Goal of the exercise: Restate verbatim the span of lines below between the line with "intros Hx; apply" and the line with "Proof. exact (sum_level_telescope", including those two lines, and only that span.
# # # # # # #
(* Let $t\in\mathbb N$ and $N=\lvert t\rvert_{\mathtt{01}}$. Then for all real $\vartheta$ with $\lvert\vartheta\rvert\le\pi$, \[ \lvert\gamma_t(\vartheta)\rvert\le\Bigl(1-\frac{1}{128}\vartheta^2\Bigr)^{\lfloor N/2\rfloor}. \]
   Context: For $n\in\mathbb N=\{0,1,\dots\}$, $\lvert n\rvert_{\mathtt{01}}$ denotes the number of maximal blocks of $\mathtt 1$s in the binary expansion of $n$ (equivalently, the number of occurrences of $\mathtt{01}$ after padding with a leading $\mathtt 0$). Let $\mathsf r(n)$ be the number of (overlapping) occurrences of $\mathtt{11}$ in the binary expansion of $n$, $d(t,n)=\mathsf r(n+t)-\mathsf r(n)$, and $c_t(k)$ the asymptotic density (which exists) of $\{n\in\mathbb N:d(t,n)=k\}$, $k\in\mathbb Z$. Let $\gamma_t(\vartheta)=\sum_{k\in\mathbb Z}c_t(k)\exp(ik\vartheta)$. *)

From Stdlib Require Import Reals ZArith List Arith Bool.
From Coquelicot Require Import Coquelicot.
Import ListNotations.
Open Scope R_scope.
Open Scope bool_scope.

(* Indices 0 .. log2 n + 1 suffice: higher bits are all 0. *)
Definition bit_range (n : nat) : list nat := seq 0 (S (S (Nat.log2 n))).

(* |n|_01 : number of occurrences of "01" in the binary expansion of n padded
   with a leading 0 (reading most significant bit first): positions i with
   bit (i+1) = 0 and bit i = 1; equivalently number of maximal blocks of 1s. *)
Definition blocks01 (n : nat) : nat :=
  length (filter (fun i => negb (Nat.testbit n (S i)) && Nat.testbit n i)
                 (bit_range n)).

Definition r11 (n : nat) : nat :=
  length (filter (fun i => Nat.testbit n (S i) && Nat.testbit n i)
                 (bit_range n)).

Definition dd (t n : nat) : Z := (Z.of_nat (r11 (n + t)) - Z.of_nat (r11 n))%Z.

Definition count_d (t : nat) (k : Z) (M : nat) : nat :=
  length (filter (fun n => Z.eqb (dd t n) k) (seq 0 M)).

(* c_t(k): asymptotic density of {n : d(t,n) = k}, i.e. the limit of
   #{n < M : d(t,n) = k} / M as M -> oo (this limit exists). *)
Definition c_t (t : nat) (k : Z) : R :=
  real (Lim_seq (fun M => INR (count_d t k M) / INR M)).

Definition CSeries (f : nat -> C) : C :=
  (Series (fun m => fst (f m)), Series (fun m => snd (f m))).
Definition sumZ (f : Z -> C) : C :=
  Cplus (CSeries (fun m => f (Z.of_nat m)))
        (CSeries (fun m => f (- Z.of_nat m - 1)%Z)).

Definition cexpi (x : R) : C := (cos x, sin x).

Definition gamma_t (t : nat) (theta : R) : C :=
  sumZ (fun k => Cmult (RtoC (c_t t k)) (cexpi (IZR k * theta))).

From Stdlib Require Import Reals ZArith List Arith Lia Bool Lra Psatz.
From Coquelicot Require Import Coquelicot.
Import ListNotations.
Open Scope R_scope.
# # # # # # #
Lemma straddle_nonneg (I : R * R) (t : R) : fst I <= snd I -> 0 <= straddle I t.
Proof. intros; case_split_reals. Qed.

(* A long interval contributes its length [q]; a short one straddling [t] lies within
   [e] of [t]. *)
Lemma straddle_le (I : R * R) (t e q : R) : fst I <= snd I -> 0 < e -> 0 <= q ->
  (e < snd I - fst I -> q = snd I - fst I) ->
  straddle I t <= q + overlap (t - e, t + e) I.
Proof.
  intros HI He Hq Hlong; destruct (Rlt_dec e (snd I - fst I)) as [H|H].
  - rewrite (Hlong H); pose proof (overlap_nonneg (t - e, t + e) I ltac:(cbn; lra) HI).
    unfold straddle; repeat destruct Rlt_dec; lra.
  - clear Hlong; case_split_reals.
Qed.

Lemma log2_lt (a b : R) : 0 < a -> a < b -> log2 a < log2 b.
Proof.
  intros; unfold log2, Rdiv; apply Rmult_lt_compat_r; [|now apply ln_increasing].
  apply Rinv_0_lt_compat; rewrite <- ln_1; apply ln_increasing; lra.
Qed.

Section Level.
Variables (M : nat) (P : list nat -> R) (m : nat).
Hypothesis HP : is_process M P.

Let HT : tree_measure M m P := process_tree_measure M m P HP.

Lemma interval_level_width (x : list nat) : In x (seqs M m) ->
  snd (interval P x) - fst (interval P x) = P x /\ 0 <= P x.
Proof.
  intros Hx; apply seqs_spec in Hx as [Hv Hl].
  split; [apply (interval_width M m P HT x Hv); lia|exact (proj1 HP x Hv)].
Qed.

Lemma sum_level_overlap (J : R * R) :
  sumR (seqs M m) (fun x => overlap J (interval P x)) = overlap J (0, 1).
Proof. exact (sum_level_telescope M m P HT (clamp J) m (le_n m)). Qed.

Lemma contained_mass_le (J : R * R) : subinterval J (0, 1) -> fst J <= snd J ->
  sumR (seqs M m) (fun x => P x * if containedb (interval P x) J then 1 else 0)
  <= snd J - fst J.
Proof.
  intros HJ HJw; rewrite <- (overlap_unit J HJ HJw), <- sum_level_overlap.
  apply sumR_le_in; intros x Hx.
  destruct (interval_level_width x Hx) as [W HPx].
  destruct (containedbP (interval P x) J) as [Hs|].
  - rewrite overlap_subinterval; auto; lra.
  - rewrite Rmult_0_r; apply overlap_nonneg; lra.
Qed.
# # # # # # #
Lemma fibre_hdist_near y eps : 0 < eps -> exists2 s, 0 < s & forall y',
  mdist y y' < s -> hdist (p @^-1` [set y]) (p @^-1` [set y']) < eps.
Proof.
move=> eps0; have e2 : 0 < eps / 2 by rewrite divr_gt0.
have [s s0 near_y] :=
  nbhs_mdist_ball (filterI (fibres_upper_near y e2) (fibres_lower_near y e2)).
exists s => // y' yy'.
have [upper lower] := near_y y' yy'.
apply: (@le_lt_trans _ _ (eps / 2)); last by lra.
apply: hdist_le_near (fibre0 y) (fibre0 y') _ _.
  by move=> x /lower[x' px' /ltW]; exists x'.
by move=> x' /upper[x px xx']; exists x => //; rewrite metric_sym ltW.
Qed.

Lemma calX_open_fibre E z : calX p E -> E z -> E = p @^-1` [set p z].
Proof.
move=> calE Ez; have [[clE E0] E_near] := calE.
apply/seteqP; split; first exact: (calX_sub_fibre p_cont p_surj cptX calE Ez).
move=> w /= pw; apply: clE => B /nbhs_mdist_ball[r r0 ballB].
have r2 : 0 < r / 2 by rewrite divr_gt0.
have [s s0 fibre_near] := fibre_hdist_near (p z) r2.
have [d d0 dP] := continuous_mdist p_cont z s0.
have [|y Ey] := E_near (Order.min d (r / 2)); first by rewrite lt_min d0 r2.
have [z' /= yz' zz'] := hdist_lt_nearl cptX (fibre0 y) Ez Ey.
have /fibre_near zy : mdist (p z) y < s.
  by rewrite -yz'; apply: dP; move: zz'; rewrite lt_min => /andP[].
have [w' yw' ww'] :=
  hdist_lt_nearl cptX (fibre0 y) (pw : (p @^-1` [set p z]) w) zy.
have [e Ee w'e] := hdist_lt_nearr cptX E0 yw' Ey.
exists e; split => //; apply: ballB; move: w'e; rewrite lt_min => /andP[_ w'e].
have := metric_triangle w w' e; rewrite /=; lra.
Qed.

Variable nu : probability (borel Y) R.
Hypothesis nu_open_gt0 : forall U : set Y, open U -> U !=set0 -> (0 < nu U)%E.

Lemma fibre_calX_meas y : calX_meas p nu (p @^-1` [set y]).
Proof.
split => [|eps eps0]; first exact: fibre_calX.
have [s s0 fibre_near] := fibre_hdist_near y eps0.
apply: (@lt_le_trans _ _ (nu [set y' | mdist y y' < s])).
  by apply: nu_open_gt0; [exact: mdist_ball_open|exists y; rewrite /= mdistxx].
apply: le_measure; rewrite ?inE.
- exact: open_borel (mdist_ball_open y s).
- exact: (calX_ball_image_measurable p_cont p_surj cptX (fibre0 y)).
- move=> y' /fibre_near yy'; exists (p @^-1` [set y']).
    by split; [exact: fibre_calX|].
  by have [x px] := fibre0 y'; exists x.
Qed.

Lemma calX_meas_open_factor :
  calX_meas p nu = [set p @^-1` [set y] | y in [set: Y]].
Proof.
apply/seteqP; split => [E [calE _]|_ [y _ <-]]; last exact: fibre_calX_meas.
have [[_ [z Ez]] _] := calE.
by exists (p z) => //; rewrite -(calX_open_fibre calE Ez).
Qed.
# # # # # # #
Result below:
  intros Hx; apply seqs_spec in Hx as [Hv Hl].
  split; [apply (interval_width M m P HT x Hv); lia|exact (proj1 HP x Hv)].
Qed.

Lemma sum_level_overlap (J : R * R) :
  sumR (seqs M m) (fun x => overlap J (interval P x)) = overlap J (0, 1).
Proof. exact (sum_level_telescope M m P HT (clamp J) m (le_n m)). Qed.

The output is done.